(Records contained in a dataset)
# # # # #
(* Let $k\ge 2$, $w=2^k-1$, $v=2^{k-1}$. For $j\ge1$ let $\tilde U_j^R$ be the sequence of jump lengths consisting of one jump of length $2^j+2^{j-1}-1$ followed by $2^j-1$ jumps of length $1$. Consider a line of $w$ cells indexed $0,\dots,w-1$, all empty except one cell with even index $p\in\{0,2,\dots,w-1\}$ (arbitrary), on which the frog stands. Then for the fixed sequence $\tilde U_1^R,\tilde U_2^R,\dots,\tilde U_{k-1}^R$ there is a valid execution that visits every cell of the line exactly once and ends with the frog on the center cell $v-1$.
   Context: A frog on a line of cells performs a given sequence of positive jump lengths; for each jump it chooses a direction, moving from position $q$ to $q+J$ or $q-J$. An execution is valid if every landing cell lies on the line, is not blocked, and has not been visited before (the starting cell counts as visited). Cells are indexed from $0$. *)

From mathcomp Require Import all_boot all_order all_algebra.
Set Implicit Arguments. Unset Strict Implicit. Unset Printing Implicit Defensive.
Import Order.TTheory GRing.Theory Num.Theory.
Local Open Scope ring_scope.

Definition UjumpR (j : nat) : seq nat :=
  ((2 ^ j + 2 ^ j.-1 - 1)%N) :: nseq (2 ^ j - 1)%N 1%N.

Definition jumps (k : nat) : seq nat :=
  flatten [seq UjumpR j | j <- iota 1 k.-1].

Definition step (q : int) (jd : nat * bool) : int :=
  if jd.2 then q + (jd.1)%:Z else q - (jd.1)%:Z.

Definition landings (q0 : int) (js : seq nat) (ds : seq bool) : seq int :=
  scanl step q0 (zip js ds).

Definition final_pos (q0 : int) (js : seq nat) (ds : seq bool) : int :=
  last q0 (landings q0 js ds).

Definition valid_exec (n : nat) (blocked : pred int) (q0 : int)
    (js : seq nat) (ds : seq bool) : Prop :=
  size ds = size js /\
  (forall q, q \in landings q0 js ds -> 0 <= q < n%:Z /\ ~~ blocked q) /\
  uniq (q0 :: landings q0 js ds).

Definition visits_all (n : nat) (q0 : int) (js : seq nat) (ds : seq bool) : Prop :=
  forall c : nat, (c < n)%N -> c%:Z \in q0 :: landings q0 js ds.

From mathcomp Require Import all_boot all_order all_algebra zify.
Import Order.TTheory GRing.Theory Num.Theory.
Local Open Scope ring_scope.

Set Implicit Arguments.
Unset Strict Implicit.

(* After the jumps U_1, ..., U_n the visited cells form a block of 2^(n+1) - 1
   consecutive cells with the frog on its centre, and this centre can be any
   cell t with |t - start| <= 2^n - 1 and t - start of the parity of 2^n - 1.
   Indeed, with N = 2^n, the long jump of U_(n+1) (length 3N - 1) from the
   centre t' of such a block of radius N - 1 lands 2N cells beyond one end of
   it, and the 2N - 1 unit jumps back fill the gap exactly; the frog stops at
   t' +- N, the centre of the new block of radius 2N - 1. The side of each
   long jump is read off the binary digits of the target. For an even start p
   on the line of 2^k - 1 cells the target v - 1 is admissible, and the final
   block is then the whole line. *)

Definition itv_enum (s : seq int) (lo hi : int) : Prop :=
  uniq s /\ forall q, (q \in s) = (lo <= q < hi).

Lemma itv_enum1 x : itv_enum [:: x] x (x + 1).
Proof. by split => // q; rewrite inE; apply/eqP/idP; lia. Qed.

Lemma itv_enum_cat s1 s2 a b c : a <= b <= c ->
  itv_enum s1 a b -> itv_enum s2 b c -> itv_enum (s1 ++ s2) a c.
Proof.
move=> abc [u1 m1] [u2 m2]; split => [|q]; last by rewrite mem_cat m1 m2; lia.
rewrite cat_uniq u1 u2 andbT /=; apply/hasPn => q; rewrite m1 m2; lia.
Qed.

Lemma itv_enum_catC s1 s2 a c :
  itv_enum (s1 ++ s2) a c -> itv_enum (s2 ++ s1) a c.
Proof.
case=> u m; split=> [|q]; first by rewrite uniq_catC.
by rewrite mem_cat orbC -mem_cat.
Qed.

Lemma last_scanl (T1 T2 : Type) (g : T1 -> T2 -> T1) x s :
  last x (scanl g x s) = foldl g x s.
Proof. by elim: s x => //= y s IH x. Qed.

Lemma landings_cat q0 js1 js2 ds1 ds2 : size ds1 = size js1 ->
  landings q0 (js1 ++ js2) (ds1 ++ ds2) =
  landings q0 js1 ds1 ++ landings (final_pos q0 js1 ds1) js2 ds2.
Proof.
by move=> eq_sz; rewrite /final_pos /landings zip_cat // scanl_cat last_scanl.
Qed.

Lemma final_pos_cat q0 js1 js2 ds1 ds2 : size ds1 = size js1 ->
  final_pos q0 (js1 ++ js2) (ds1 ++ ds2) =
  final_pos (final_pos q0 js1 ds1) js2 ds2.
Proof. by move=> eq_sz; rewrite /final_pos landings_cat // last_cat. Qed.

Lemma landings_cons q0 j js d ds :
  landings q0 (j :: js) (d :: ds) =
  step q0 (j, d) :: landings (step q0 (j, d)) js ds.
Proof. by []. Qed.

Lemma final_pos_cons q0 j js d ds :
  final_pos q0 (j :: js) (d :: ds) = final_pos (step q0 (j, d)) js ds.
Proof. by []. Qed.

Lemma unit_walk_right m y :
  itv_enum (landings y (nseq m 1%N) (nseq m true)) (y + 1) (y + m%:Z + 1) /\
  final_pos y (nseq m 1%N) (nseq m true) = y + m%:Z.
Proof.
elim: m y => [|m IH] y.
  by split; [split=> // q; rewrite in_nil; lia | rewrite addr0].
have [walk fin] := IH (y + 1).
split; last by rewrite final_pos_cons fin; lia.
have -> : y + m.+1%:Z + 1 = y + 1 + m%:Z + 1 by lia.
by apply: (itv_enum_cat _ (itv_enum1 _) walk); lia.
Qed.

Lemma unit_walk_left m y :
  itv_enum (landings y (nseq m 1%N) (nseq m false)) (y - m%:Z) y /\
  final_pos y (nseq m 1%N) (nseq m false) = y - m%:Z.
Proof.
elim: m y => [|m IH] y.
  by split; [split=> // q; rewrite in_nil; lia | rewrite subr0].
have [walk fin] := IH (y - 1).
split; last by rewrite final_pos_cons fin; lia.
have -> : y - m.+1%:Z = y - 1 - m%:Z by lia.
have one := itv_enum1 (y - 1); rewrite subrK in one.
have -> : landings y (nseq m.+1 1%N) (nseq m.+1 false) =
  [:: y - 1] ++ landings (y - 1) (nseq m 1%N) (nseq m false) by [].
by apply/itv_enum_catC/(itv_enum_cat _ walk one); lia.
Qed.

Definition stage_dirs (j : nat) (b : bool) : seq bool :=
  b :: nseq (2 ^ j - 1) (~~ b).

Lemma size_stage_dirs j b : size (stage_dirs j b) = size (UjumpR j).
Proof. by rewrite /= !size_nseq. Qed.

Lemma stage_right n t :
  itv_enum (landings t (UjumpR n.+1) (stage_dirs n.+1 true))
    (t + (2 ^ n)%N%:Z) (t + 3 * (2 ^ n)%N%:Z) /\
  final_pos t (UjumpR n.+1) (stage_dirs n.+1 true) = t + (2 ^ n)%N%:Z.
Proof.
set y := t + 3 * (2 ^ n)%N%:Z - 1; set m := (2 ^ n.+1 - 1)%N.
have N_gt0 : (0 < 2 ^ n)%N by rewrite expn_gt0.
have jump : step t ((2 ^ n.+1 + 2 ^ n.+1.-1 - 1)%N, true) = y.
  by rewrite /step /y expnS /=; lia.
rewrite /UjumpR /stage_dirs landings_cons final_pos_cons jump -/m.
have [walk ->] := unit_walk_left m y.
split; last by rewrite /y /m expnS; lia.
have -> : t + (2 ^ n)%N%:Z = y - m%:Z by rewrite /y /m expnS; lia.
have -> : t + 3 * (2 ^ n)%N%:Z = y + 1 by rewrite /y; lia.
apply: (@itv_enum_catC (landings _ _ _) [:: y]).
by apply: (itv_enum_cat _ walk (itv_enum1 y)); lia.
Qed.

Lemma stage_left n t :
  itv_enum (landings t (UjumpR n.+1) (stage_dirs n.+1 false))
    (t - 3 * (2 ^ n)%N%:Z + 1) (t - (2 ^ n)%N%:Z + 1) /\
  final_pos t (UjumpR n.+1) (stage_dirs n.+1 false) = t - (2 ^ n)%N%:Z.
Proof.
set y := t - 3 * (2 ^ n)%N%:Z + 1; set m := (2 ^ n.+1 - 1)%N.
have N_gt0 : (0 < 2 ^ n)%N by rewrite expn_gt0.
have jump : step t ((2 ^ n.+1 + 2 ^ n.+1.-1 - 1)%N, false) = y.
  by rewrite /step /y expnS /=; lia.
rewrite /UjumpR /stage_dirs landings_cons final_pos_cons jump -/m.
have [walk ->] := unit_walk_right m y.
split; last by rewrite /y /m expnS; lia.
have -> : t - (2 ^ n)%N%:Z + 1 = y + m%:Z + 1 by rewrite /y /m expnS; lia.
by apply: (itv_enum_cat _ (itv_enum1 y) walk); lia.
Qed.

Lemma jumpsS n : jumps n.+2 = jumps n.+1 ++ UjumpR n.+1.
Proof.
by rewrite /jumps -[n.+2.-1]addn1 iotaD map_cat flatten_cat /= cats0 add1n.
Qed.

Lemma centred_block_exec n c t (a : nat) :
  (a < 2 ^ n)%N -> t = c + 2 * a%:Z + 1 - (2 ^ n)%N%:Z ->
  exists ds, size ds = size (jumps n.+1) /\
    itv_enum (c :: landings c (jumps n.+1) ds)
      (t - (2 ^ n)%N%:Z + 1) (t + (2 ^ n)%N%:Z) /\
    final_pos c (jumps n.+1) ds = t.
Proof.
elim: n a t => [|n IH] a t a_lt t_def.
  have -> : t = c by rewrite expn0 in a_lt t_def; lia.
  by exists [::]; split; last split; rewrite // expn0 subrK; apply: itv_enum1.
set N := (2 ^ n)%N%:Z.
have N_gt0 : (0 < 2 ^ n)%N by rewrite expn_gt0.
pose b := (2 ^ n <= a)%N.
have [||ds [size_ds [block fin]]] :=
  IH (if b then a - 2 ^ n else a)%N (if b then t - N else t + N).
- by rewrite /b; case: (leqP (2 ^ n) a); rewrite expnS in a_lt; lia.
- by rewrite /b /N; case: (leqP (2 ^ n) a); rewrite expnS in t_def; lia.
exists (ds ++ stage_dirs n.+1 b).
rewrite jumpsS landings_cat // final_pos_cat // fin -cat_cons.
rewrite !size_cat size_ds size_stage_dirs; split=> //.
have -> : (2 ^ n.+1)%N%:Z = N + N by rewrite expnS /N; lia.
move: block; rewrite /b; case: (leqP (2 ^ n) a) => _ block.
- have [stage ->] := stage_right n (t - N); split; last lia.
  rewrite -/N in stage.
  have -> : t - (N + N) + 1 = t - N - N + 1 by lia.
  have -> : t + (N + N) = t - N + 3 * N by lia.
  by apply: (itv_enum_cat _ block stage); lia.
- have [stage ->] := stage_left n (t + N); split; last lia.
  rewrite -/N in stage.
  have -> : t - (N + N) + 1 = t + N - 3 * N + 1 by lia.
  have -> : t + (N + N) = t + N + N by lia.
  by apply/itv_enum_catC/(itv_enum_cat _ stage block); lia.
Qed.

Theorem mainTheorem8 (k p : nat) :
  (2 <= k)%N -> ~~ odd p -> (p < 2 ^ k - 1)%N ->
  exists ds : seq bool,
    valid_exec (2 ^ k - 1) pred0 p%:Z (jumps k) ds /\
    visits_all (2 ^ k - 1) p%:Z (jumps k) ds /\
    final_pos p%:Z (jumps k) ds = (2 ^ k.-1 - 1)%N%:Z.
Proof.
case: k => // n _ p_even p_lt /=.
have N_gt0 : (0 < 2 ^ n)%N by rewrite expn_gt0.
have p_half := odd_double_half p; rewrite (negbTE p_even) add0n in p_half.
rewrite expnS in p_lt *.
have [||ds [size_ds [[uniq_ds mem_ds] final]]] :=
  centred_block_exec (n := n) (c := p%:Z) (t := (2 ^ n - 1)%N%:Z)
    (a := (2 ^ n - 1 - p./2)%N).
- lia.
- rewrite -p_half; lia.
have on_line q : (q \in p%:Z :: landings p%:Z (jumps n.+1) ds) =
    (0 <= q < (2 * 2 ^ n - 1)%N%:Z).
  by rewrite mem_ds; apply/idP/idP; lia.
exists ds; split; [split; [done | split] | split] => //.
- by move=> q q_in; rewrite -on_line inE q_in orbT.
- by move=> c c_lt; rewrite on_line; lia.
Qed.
# # # # #
▶ Exercise aim: Reproduce exactly the line that contains "- N + 1 by lia." together with each line after it to the end of the entries; include no other lines.

▶ Result of the task:
  have -> : t - (N + N) + 1 = t - N - N + 1 by lia.
  have -> : t + (N + N) = t - N + 3 * N by lia.
  by apply: (itv_enum_cat _ block stage); lia.
- have [stage ->] := stage_left n (t + N); split; last lia.
  rewrite -/N in stage.
  have -> : t - (N + N) + 1 = t + N - 3 * N + 1 by lia.
  have -> : t + (N + N) = t + N + N by lia.
  by apply/itv_enum_catC/(itv_enum_cat _ stage block); lia.
Qed.

Theorem mainTheorem8 (k p : nat) :
  (2 <= k)%N -> ~~ odd p -> (p < 2 ^ k - 1)%N ->
  exists ds : seq bool,
    valid_exec (2 ^ k - 1) pred0 p%:Z (jumps k) ds /\
    visits_all (2 ^ k - 1) p%:Z (jumps k) ds /\
    final_pos p%:Z (jumps k) ds = (2 ^ k.-1 - 1)%N%:Z.
Proof.
case: k => // n _ p_even p_lt /=.
have N_gt0 : (0 < 2 ^ n)%N by rewrite expn_gt0.
have p_half := odd_double_half p; rewrite (negbTE p_even) add0n in p_half.
rewrite expnS in p_lt *.
have [||ds [size_ds [[uniq_ds mem_ds] final]]] :=
  centred_block_exec (n := n) (c := p%:Z) (t := (2 ^ n - 1)%N%:Z)
    (a := (2 ^ n - 1 - p./2)%N).
- lia.
- rewrite -p_half; lia.
have on_line q : (q \in p%:Z :: landings p%:Z (jumps n.+1) ds) =
    (0 <= q < (2 * 2 ^ n - 1)%N%:Z).
  by rewrite mem_ds; apply/idP/idP; lia.
exists ds; split; [split; [done | split] | split] => //.
- by move=> q q_in; rewrite -on_line inE q_in orbT.
- by move=> c c_lt; rewrite on_line; lia.
Qed.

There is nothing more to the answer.